Those interested in China, particularly on a foreign policy front, have likely noticed a burgeoning debate in the United States over how best to deal with China’s “assertive” behavior in the South China Sea, cyber space, and elsewhere. Today’s links round-up pulls together the various pieces of the debate, which will have enormous consequences for the Asia-Pacific and the world.
The long-simmering debate heated up when Robert Blackwill and Ashley Tellis argued in a new report that “Washington needs a new grand strategy toward China that centers on balancing the rise of Chinese power rather than continuing to assist its ascendancy.” Blackwill and Tellis summed up their 54-page report in an April 2015 article for the National Interest. The crux of their argument is that Washington’s attempts to integrate China into the international order have damaged U.S. interests — instead, the United States should seek to balance China (they are careful to avoid arguing for outright containment), for example by strengthening regional alliances.
We can see this idea in action in calls for the United States to respond more forcefully to China’s land reclamation activities in the South China Sea.
Offering a different perspective, former Australian Prime Minister Kevin Rudd released his own report, arguing that the United States and China can best avoid conflict by “placing their relationship on a stable, long-term footing.” Rather than seeking to balance China, Rudd argues, the United States should increase its effort to work with China to create a common vision of the Asia-Pacific region and the world – a vision based on “constructive realism” in areas where the two sides are fundamentally at odds (for example, the Taiwan question, the issue of human rights, and the South China Sea disputes).
David M. Lampton, the director of China studies at the Johns Hopkins School of Advanced International Studies, echoes Rudd, but with more focus on how U.S.-China relations are currently going off the rails. In a speech on May 6, 2015, Lampton points to a “tipping point in U.S.-China relations”: “Our respective fears are nearer to outweighing our hopes than at any time since normalization.” Lampton’s suggestion: accommodation on the part of the United States and reassurance on the part of China. “The words ‘accommodation’ or ‘compromise’ in either China or the United States should not be dirty words,” he argues.
Lampton’s speech pairs nicely with a ChinaFile essay by Orville Schell, the director of the Center on U.S.-China Relations at the Asia Society. Schell also sees a worrisome change toward pessimism and distrust in the relationship. Most shocking, Schell writes, is that “there is presently no significant core constituency in America still well-disposed towards China” – not even the businessmen who were once the most enthusiastic champions of U.S.-China ties.

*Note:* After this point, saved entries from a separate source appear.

(* Let $R\subseteq S$, $\sigma$ be as in the context. Let $a_1,\ldots,a_\ell\in S$ be such that $a_i-a_j^\beta\in S^*$ for all $\beta\in S^*$ and all $1\le i<j\le\ell$. For $i=1,\ldots,\ell$, let $\mathbf{u}_i=(u_{i,1},\ldots,u_{i,n_i})\in S^{n_i}$ and $t_i={\rm rk}(\mathbf{u}_i)$, and set $t=t_1+\cdots+t_\ell$. Then there exists a monic skew polynomial $F\in S[x;\sigma]$ with $\deg(F)=t$ and $F_{a_i}(u_{i,j})=0$ for all $1\le j\le n_i$ and $1\le i\le\ell$.
   Context: $R$ is a finite commutative chain ring with maximal ideal $\mathfrak{m}$, $q=|R/\mathfrak{m}|$; $S=R[x]/(h)$ with $h$ monic of degree $m$ irreducible modulo $\mathfrak{m}$, local with maximal ideal $\mathfrak{M}=\mathfrak{m}S$ and unit group $S^*=S\setminus\mathfrak{M}$. $\sigma$ is a ring automorphism of $S$ generating the Galois group of $R\subseteq S$, with fixed ring $R$, reducing modulo $\mathfrak{M}$ to $y\mapsto y^q$. $S[x;\sigma]$ is the skew polynomial ring with $xa=\sigma(a)x$. For $a,\beta\in S$: $N_i(a)=\sigma^{i-1}(a)\cdots\sigma(a)a$, $\mathcal{D}_a^i(\beta)=\sigma^i(\beta)N_i(a)$, and for $F=\sum_iF_ix^i$, $F_a(\beta)=\sum_iF_i\mathcal{D}_a^i(\beta)$. For $\beta\in S^*$, $a^\beta=\sigma(\beta)a\beta^{-1}$. Rank: for $\mathbf{u}\in S^s$, fix an $R$-basis $\alpha_1,\ldots,\alpha_m$ of $S$ and write $\mathbf{u}=\sum_{i=1}^m\alpha_i(c_{i,1},\ldots,c_{i,s})$ with $c_{i,j}\in R$; ${\rm rk}(\mathbf{u})$ is the number of nonzero diagonal entries in the Smith normal form of the matrix $(c_{i,j})\in R^{m\times s}$ (independent of the basis). *)

From HB Require Import structures.
From mathcomp Require Import all_boot all_order all_algebra.
Set Implicit Arguments.
Unset Strict Implicit.
Unset Printing Implicit Defensive.
Import GRing.Theory.
Local Open Scope ring_scope.

(* principal ideals (hence all ideals) of R are totally ordered by inclusion *)
Definition chain_ring (R : finComUnitRingType) : Prop :=
  forall x y : R, (exists r, x = r * y) \/ (exists r, y = r * x).

(* the maximal ideal of a local ring = its set of non-units *)
Definition in_max_ideal (R : comUnitRingType) (x : R) : bool :=
  x \isn't a GRing.unit.

Definition residue_card (R : finComUnitRingType) : nat :=
  (#|R| %/ #|[set x : R | in_max_ideal x]|)%N.

Definition const_mod_m (R : comUnitRingType) (f : {poly R}) : Prop :=
  forall k, (0 < k)%N -> in_max_ideal f`_k.
Definition irreducible_mod_m (R : comUnitRingType) (h : {poly R}) : Prop :=
  ~ const_mod_m h /\
  forall f g : {poly R}, (forall k, in_max_ideal (h - f * g)`_k) ->
    const_mod_m f \/ const_mod_m g.

Section Skew.
Variables (S : comUnitRingType) (sigma : S -> S).

Definition normN (i : nat) (a : S) : S := \prod_(k < i) iter k sigma a.
Definition Dop (a : S) (i : nat) (b : S) : S := iter i sigma b * normN i a.
(* F_a(beta) = sum_i F_i D_a^i(beta), F = sum_i F_i x^i given by its coefficients *)
Definition skew_eval (F : {poly S}) (a b : S) : S :=
  \sum_(i < size F) F`_i * Dop a i b.
Definition conj_act (a b : S) : S := sigma b * a * b^-1.
End Skew.

Section Rank.
Variable R : comUnitRingType.

Definition mx_diag_at m s (D : 'M[R]_(m, s)) (k : nat) : R :=
  odflt 0 (obind (fun i : 'I_m => omap (fun j : 'I_s => D i j) (insub k)) (insub k)).

Definition dvdr_ (a b : R) : Prop := exists c, b = c * a.

Definition smith_form m s (D : 'M[R]_(m, s)) : Prop :=
  (forall (i : 'I_m) (j : 'I_s), (i : nat) != j -> D i j = 0) /\
  (forall k, (k.+1 < minn m s)%N -> dvdr_ (mx_diag_at D k) (mx_diag_at D k.+1)).

Definition nonzero_diag m s (D : 'M[R]_(m, s)) : nat :=
  #|[set k : 'I_(minn m s) | mx_diag_at D k != 0]|.

(* rk(u) = t, computed w.r.t. the R-basis 1, theta, ..., theta^(m-1) of S:
   C is the coordinate matrix (C i j = coefficient of theta^i in u_j) and
   D = P C Q is a Smith normal form of C with t nonzero diagonal entries. *)
Definition is_rank (S : nzRingType) (iota : R -> S) (theta : S) (m s : nat)
    (u : 'I_s -> S) (t : nat) : Prop :=
  exists C : 'M[R]_(m, s),
    (forall j, u j = \sum_(i < m) iota (C i j) * theta ^+ i) /\
    exists (P : 'M[R]_m) (Q : 'M[R]_s) (D : 'M[R]_(m, s)),
      [/\ P \in unitmx, Q \in unitmx, D = P *m C *m Q, smith_form D
        & nonzero_diag D = t].
End Rank.

(* Every w in S is r y with r in R and y a unit: among the coordinates of w
   in the basis 1, theta, ..., theta^(m-1) one divides all the others (R is
   a chain ring), and an element having a coordinate equal to 1 is a unit
   because h is irreducible modulo m.  Hence, for sigma fixing R,
   sigma(w) a = c w with c = sigma(y) a y^-1.
   As ((x - c) G)_a(b) = sigma(G_a(b)) a - c G_a(b), choosing c for G_a(w)
   turns a monic G of degree k vanishing on k pairs (a_i, w_i) into a monic
   (x - c) G of degree k + 1 that also vanishes on (a, w).
   Finally, the Smith normal form of the coordinate matrix of u_i yields t_i
   elements whose R-span contains every u_ij, and F_a is R-linear, so F only
   has to vanish on t_1 + ... + t_l pairs. *)

From HB Require Import structures.
From mathcomp Require Import all_boot all_order all_algebra.
Set Implicit Arguments.
Unset Strict Implicit.
Unset Printing Implicit Defensive.
Import GRing.Theory.
Local Open Scope ring_scope.

Section SkewEvaluation.
Variables (S : comUnitRingType) (sigma : {rmorphism S -> S}).

Lemma iter_rmorphB k : {morph iter k sigma : x y / x - y}.
Proof. by elim: k => // k IH x y; rewrite iterS IH rmorphB. Qed.

Lemma iter_rmorphM k : {morph iter k sigma : x y / x * y}.
Proof. by elim: k => // k IH x y; rewrite iterS IH rmorphM. Qed.

Lemma normNS i (a : S) : normN sigma i.+1 a = sigma (normN sigma i a) * a.
Proof.
rewrite /normN big_ord_recl mulrC rmorph_prod.
by congr (_ * _); apply: eq_bigr => k _; rewrite -iterSr.
Qed.

Lemma DopS (a : S) i (b : S) : Dop sigma a i.+1 b = sigma (Dop sigma a i b) * a.
Proof. by rewrite /Dop normNS rmorphM mulrA. Qed.

Lemma DopB (a : S) i : {morph Dop sigma a i : x y / x - y}.
Proof. by move=> x y; rewrite /Dop iter_rmorphB mulrBl. Qed.
(* Let $\mathbb T=\mathbb R/2\pi\mathbb Z$ with normalized Lebesgue measure $dx$, $(B_t)$ a one-dimensional Brownian motion, $(t,x)\mapsto\phi_t(x)$ smooth on $[0,1]\times\mathbb T$, $X_t$ the stochastic flow of diffeomorphisms solving the Stratonovich SDE $dX_t=\partial_x\phi_t(X_t)\circ dB_t$, $X_0(x)=x$, $\rho$ a smooth strictly positive probability density and $\rho_t$ the density of $(X_t)_\#(\rho\,dx)$. Set $\hat\rho_t=1/\big((\int_{\mathbb T}\frac{dx}{\rho_t})\rho_t\big)$, $a_t=\frac{\partial_x^2\phi_t}{\rho_t}(X_t)$, $b_t=\frac{\partial_x(\partial_x^2\phi_t\,\partial_x\phi_t)}{\rho_t}(X_t)$ and, for $f\in L^2(\rho\,dx)$, $$\Lambda(t,f)=-\Big(\int_{\mathbb T}fa_t\rho\,dx\Big)\hat\rho_t(X_t),$$ $$\Theta(t,f)=-\frac12\Big(\int_{\mathbb T}fa_t\rho\,dx\Big)(\hat\rho_t\partial_x^2\phi_t)(X_t)-\frac12\Big(\int_{\mathbb T}fb_t\rho\,dx\Big)\hat\rho_t(X_t)+\frac32\Big(\int_{\mathbb T}fa_t\rho\,dx\Big)\Big(\int_{\mathbb T}\partial_x^2\phi_t\,\hat\rho_t\,dx\Big)\hat\rho_t(X_t).$$ Then for all $t\in[0,1]$ and $f\in L^2(\rho\,dx)$, $$\|\Lambda(t,f)\|_{L^2(\rho dx)}\le\Big(\sup_{t\in[0,1]}\|\partial_x^2\phi_t\|_\infty\Big)\|f\|_{L^2(\rho dx)},$$ $$\|\Theta(t,f)\|_{L^2(\rho dx)}\le\Big(2\sup_{t\in[0,1]}\|\partial_x^2\phi_t\|_\infty^2+\sup_{t\in[0,1]}\|\partial_x(\partial_x^2\phi_t\,\partial_x\phi_t)\|_\infty\Big)\|f\|_{L^2(\rho dx)}.$$ *)

From HB Require Import structures.
From mathcomp Require Import all_boot all_order all_algebra.
From mathcomp Require Import all_classical all_reals all_analysis.
Set Implicit Arguments. Unset Strict Implicit. Unset Printing Implicit Defensive.
Import Order.TTheory GRing.Theory Num.Theory.
Import numFieldNormedType.Exports.
Local Open Scope classical_set_scope.
Local Open Scope ring_scope.
Lemma top_mode (C : numClosedFieldType) (L : nat) (lam : 'I_L.+1 -> C) :
    \sum_(n < L.+1) `|lam n| ^+ 2 = 1 ->
  exists M : 'I_L.+1, lam M != 0 /\ forall n : 'I_L.+1, (M < n)%N -> lam n = 0.
Proof.
move=> norm1.
have [i0 nz_i0] : exists i, lam i != 0.
  apply/existsP; apply: contraT; rewrite negb_exists => /forallP all0.
  move: norm1; rewrite big1 => [/eqP|i _]; first by rewrite eq_sym oner_eq0.
  by move: (all0 i); rewrite negbK => /eqP ->; rewrite normr0 expr0n.
case: (@arg_maxnP _ i0 (fun i => lam i != 0) (fun i => i : nat) nz_i0) => M nzM maxM.
exists M; split => // n; apply: contraTeq => nz_n; rewrite -leqNgt; exact: maxM.
Qed.

Section TopMode.
Variables (C : numClosedFieldType) (L : nat) (lam : 'I_L.+1 -> C).
Hypothesis norm1 : \sum_(n < L.+1) `|lam n| ^+ 2 = 1.
Hypothesis notvac : `|lam ord0| < 1.
Variable M : 'I_L.+1.
Hypothesis above : forall n : 'I_L.+1, (M < n)%N -> lam n = 0.

Definition even_photons : pred 'I_L.+1 := fun k => ~~ odd k.

Lemma sum_top_even : \sum_(m < L.+1) \sum_(k < L.+1)
    ((m == M) && ~~ odd k && (false == odd k))%:R * weight lam m k = weight lam M 0.
Proof.
rewrite (bigD1 M) //= [X in _ + X]big1 ?addr0; last first.
  by move=> m /negbTE ->; rewrite big1 // => k _; rewrite mul0r.
rewrite (bigD1 ord0) //= big1 ?addr0 => [|k nz_k]; first by rewrite eqxx mul1r.
rewrite weight_top_row ?mulr0 // lt0n; apply: contra nz_k => /eqP k0.
by apply/eqP/val_inj.
Qed.

Lemma sum_rest_odd : \sum_(m < L.+1) \sum_(k < L.+1)
    ((m != M) && ~~ ~~ odd k && (true == odd k))%:R * weight lam m k =
  2^-1 * (1 - `|lam ord0| ^+ 2).
Proof.
have top_odd : \sum_(k < L.+1) (odd k)%:R * weight lam M k = 0.
  apply: big1 => k _; case: (posnP k) => [->|k_gt0]; first by rewrite mul0r.
  by rewrite weight_top_row ?mulr0.
rewrite -[X in 2^-1 * (X - _)]norm1 -sum_odd_weight [RHS](bigD1 M) //= top_odd add0r.
rewrite [LHS](bigD1 M) //= eqxx [X in X + _]big1 ?add0r; last first.
  by move=> k _; rewrite !mul0r.
apply: eq_bigr => m ->; apply: eq_bigr => k _.
by case: (odd k); rewrite /= ?mul1r ?mul0r.
Qed.

Lemma GYNI_top_parity :
  GYNI lam (dg (pred1 M)) (dg (predC (pred1 M)))
           (dg even_photons) (dg (predC even_photons)) =
  2^-1 + weight lam M 0 / (1 + `|lam ord0| ^+ 2).
Proof.
rewrite /GYNI /even_photons !expect_Phi2 //= sum_top_even sum_rest_odd.
have a_lt1 : `|lam ord0| ^+ 2 < 1 by rewrite exprn_ilt1.
have nz_plus : 1 + `|lam ord0| ^+ 2 != 0 by rewrite gt_eqF // one_add_sqr_norm_gt0.
have nz_minus : 1 - `|lam ord0| ^+ 2 != 0 by rewrite gt_eqF // subr_gt0.
rewrite /Nxy /= expr0 expr1 sqrrN expr1n mul1r mulN1r.
by field; rewrite nz_plus nz_minus.
Qed.

End TopMode.

Theorem mainTheorem2 (C : numClosedFieldType) (L : nat) (lam : 'I_L.+1 -> C)
    (hnorm : \sum_(n < L.+1) `|lam n| ^+ 2 = 1)
    (hnotvac : `|lam ord0| < 1) :
  exists PA0 PA1 PB0 PB1 : 'M[C]_L.+1,
    is_proj_meas PA0 PA1 /\ is_proj_meas PB0 PB1 /\
    2^-1 < GYNI lam PA0 PA1 PB0 PB1.
Proof.
have [M [nzM above]] := top_mode hnorm.
exists (dg (pred1 M)), (dg (predC (pred1 M))),
  (dg (@even_photons L)), (dg (predC (@even_photons L))).
do 2!(split; first exact: dg_meas).
by rewrite GYNI_top_parity // ltrDl divr_gt0 ?weight_top_vac ?one_add_sqr_norm_gt0.
Qed.
(** Acceptance probability of the noisy MH move m -> y:
    E[ min{1, pi(y)q(y,m)/(pi(m)q(m,y)) * U/W} ], W ~ Q_{m,N}, U ~ Q_{y,N}
    independent. *)
Definition accept (theta : R) (s : nat -> R) (N m y : nat) : R :=
  let zm := Z.of_nat m in let zy := Z.of_nat y in
  sum_f_R0 (fun j => sum_f_R0 (fun k =>
     binpmf N (s m) j * binpmf N (s y) k *
     Rmin 1 ((pi_t zy * q_prop theta zy zm) / (pi_t zm * q_prop theta zm zy)
             * (wval N y k / wval N m j))) N) N.

(** Noisy MH kernel tilde P_N on the state space N^+ (encoded in nat; the
    unused state 0 is made absorbing and is never reached from N^+).
    Proposals outside N^+ (i.e. to 0) are rejected. *)
Definition PN (theta : R) (s : nat -> R) (N : nat) (m y : nat) : R :=
  match m with
  | O => if Nat.eqb y 0 then 1 else 0
  | S _ =>
    let up := q_prop theta (Z.of_nat m) (Z.of_nat (m + 1)) * accept theta s N m (m + 1) in
    let down := if (2 <=? m)%nat
                then q_prop theta (Z.of_nat m) (Z.of_nat (m - 1)) * accept theta s N m (m - 1)
                else 0 in
    if Nat.eqb y (m + 1) then up
    else if Nat.eqb y m then 1 - up - down
    else if andb (2 <=? m)%nat (Nat.eqb y (m - 1)) then down
    else 0
  end.

Fixpoint nstep (P : nat -> nat -> R) (n : nat) (x z : nat) : R :=
  match n with
  | O => if Nat.eqb x z then 1 else 0
  | S n' => Series (fun y => nstep P n' x y * P y z)
  end.

Definition transient_chain (P : nat -> nat -> R) : Prop :=
  forall m : nat, (1 <= m)%nat -> ex_series (fun n => nstep P n m m).

(* The noisy kernel is a birth-death chain on N^+ with up-rates [u i] and down-rates [d i],
   so it is transient as soon as the products [rho j] of the ratios [d i / u i] are summable:
   the tail sums of [rho] are then a nonnegative superharmonic function whose defect at the
   starting state bounds the expected number of returns.
   Since [E W_i = 1] while [W_i >= (i - 1) / N] off its atom [eps_i], the atom has probability
   [1 - O(N / i)], so the noise [U / W] in a move [i -> j] is essentially [eps_j / eps_i]. The
   exponent of [eps] cycles through 3, 2, 1: moving up multiplies the atom by a factor of order
   [i] unless [i = 2 mod 3], and moving down from [i <> 0 mod 3] divides it by a factor of order
   [i]. At [i = 2 mod 3] an up-move still succeeds with probability of order [1 / i], because
   [W_(i+1)] leaves its atom that often. Hence [d i / u i] is bounded, and [O(1 / i)] for
   [i = 1 mod 3], so eventually [rho] shrinks by a factor [8] every three steps. *)

From Stdlib Require Import Reals ZArith Lra Lia.
From Coquelicot Require Import Coquelicot.
Open Scope R_scope.

Lemma ex_series_of_bounded_partial_sums (a : nat -> R) (M : R) :
  (forall n, 0 <= a n) -> (forall n, sum_f_R0 a n <= M) -> ex_series a.
Proof.
  intros Ha HM.
  assert (Hlim : ex_finite_lim_seq (sum_n a)).
  { apply ex_finite_lim_seq_incr with M.
    - intro n. rewrite !sum_n_Reals. simpl. specialize (Ha (S n)). lra.
    - intro n. rewrite sum_n_Reals. apply HM. }
  destruct Hlim as [l Hl]. exists l. exact Hl.
Qed.

Lemma sum_f_R0_vanishing_tail (f : nat -> R) a b :
  (a <= b)%nat -> (forall k, (a < k)%nat -> f k = 0) -> sum_f_R0 f b = sum_f_R0 f a.
Proof.
  intros Hab Hf. induction Hab as [|b Hab IH]; [reflexivity|].
  simpl. rewrite IH, Hf by lia. ring.
Qed.

Lemma Series_finite_support (a : nat -> R) (K : nat) :
  (forall k, (K < k)%nat -> a k = 0) -> Series a = sum_f_R0 a K.
Proof.
  intros Ha. unfold Series.
  rewrite (Lim_seq_ext_loc _ (fun _ => sum_f_R0 a K)).
  - rewrite Lim_seq_const. reflexivity.
  - exists K. intros n Hn. rewrite sum_n_Reals. now apply sum_f_R0_vanishing_tail.
Qed.

Lemma sum_f_R0_term_le (f : nat -> R) K m :
  (m <= K)%nat -> (forall k, 0 <= f k) -> f m <= sum_f_R0 f K.
Proof.
  intros Hm Hf. induction Hm as [|K Hm IH].
  - destruct m as [|m]; simpl; [lra|].
    pose proof (cond_pos_sum f m Hf). lra.
  - simpl. specialize (Hf (S K)). lra.
Qed.

Lemma sum_f_R0_swap (a : nat -> nat -> R) K L :
  sum_f_R0 (fun i => sum_f_R0 (fun j => a i j) L) K =
  sum_f_R0 (fun j => sum_f_R0 (fun i => a i j) K) L.
Proof.
  induction K as [|K IH]; [reflexivity|].
  simpl. rewrite IH, <- sum_plus. reflexivity.
Qed.

Lemma sum_f_R0_only_last (f : nat -> R) n :
  (forall k, (k < n)%nat -> f k = 0) -> sum_f_R0 f n = f n.
Proof.
  intros Hf. destruct n as [|n]; [reflexivity|].
  rewrite tech5, sum_eq_R0; [ring|]. intros k Hk. apply Hf. lia.
Qed.
Lemma P_Ddiag s g m : g \in G -> P s (Ddiag g m) = Ddiag g (P s m).
Proof.
move=> Gg; rewrite /Ddiag P_Dseq //; apply: Dseq_perm => //.
apply: uniq_perm; rewrite ?enum_uniq //.
  by rewrite map_inj_uniq ?enum_uniq //; apply: perm_inj.
by move=> i; rewrite mem_enum; apply/mapP; exists (s i); rewrite ?mem_enum ?permK.
Qed.

Section Smash.
Variables (rho : gT -> 'M[F]_2) (X Y : 'I_N -> {linear M -> M}).
Hypothesis smash : smash_relations G rho D P X Y.
Local Notation L := (Lop (fun l => X l) (fun l => Y l)).

Lemma Dseq_Lop l g i u m : uniq l -> g \in G ->
  Dseq l g (L i u m) = L i (if i \in l then rho g *m u else u) (Dseq l g m).
Proof.
move=> + Gg; elim: l => [//|j l IHl] /= /andP[jl ul].
rewrite IHl // smash.1 // inE; case: (eqVneq i j) => [->|] //=.
by rewrite (negbTE jl).
Qed.

Lemma Ddiag_Lop g i u m : g \in G -> Ddiag g (L i u m) = L i (rho g *m u) (Ddiag g m).
Proof. by move=> Gg; rewrite /Ddiag Dseq_Lop ?enum_uniq ?mem_enum. Qed.
End Smash.
End GammaNModule.

Section IrreducibleModule.
Variables (F : numClosedFieldType) (M : lmodType F) (N : nat) (gT : finGroupType)
  (G : {group gT}) (rho : gT -> 'M[F]_2)
  (D : 'I_N -> gT -> {linear M -> M}) (P : 'S_N -> {linear M -> M})
  (X Y : 'I_N -> {linear M -> M}).
Hypotheses (GN_rep : is_GammaN_rep G D P) (smash : smash_relations G rho D P X Y)
  (GN_irr : GammaN_irreducible G D P).
Variable z : gT.
Hypotheses (Gz : z \in G) (z_central : {in G, forall h, commute z h}).
Local Notation L := (Lop (fun l => X l) (fun l => Y l)).
Definition limit_set : CL X := exist _ (closureX X select_limit) limit_set_spec.

Lemma limit_set_upper (U : betaw -> Prop) :
  openX X U -> (forall y, CLset limit_set y -> U y) ->
  uf p (fun n => forall y, CLset (D n) y -> U y).
Proof.
  intros hU hGU.
  destruct (uf_or_compl p (fun n => forall y, CLset (D n) y -> U y)) as [h|hbad];
    [exact h | exfalso].
  assert (hwit : forall n, exists i, ~ (forall y, CLset (D n) y -> U y) ->
                   ~ U (principal (nth i (d0 n :: E n) (d0 n)))).
  { intros n.
    destruct (classic (forall i, U (principal (nth i (d0 n :: E n) (d0 n))))) as [hall|hsome].
    - exists 0%nat. intros hno; exfalso; apply hno.
      apply finite_setX_sub_open; [exact hU|]. intros d hd.
      destruct (In_nth _ _ (d0 n) hd) as [i [_ <-]]. apply hall.
    - destruct (not_all_ex_not _ _ hsome) as [i hi]. exists i; intros _; exact hi. }
  destruct (choice _ hwit) as [t ht].
  destruct (select_limit_exists t) as [z hz].
  assert (hzU : U z).
  { apply hGU. split; [exact (proj1 hz)|].
    intros A hA. exists z. split; [exists t; exact hz | exact hA]. }
  destruct (openX_basic_nbhd X U z hU hzU) as [A [hA hAU]].
  destruct (uf_inhabited p _ (uf_inter p _ _ (p_limit_singletonX X p _ z A hz hA) hbad))
    as [n [hnA hnbad]].
  apply (ht n hnbad). apply hAU; [apply hX | exact hnA].
Qed.

Lemma limit_set_lower (U : betaw -> Prop) :
  openX X U -> (exists y, CLset limit_set y /\ U y) ->
  uf p (fun n => exists y, CLset (D n) y /\ U y).
Proof.
  intros hU [y [[_ hy] hyU]].
  destruct (openX_basic_nbhd X U y hU hyU) as [A [hA hAU]].
  destruct (hy A hA) as [z [[t hz] hzA]].
  apply (uf_superset p _ _ (p_limit_singletonX X p _ z A hz hzA)). intros n hn.
  exists (principal (select t n)). split.
  - apply finite_setX_principal; [exact hX | apply nth_In_cons_default].
  - apply hAU; [apply hX | exact hn].
Qed.

Lemma limit_set_subbasic (S : CL X -> Prop) :
  vietoris_subbasic X S -> S limit_set -> uf p (fun n => S (D n)).
Proof.
  intros [U [hU [eS|eS]]] hS.
  - apply (uf_superset p _ _ (limit_set_upper U hU (proj1 (eS _) hS))).
    intros n hn; apply eS, hn.
  - apply (uf_superset p _ _ (limit_set_lower U hU (proj1 (eS _) hS))).
    intros n hn; apply eS, hn.
Qed.
(* A subspace stable under diag_mx d is stable under diag_mx (f o d) for any
   f, since f agrees with a polynomial on the finitely many entries of d. *)
Lemma stablemx_diag_map (F : fieldType) n (W : 'M[F]_n) (d : 'rV[F]_n) (f : F -> F) :
  (W *m diag_mx d <= W)%MS -> (W *m diag_mx (map_mx f d) <= W)%MS.
Proof.
move=> stab_d; have [p hp] := @exists_interpolating_poly F [seq d 0 i | i <- enum 'I_n] f.
have -> : map_mx f d = map_mx (horner p) d.
  by apply/rowP => i; rewrite !mxE hp //; apply: map_f; rewrite mem_enum.
elim/poly_ind: p {hp} => [|p c IH].
  have -> : diag_mx (map_mx (horner 0) d) = 0.
    by apply/matrixP => i j; rewrite !mxE horner0 mul0rn.
  by rewrite mulmx0 sub0mx.
have -> : diag_mx (map_mx (horner (p * 'X + c%:P)) d)
          = diag_mx (map_mx (horner p) d) *m diag_mx d + c%:M.
  apply/matrixP => i j; rewrite mul_diag_mx !mxE hornerMXaddC.
  by case: (i == j); rewrite ?mulr1n ?mulr0n ?mulr0 ?addr0.
rewrite mulmxDr addmx_sub ?mul_mx_scalar ?scalemx_sub // mulmxA.
exact: submx_trans (submxMr _ IH) stab_d.
Qed.

Section TerwilligerAlgebra.
Variables (C : numClosedFieldType) (n : nat) (e : rel 'I_n).
Variables (x : 'I_n) (E : nat -> 'M[C]_n).
Hypothesis e_sym : symmetric e.

Local Notation conjmx M := (map_mx Num.Def.conjC M).
Local Notation S := [:: adjmx e; Astar x E; conjmx (Astar x E)].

In an example of the personal consequences of eroding U.S.-China relations, the New York Times covers the story of Sherry Chen, a Chinese-American who worked for the National Weather Service before being accused of espionage. The charges, based on Chen’s interaction with an old classmate who is now a vice minister in China were abruptly dropped, without explanation. In Chen’s case, “it’s clear there was a little bit of Red Scare and racism involved,” former federal prosecutor Peter Toren told the Times.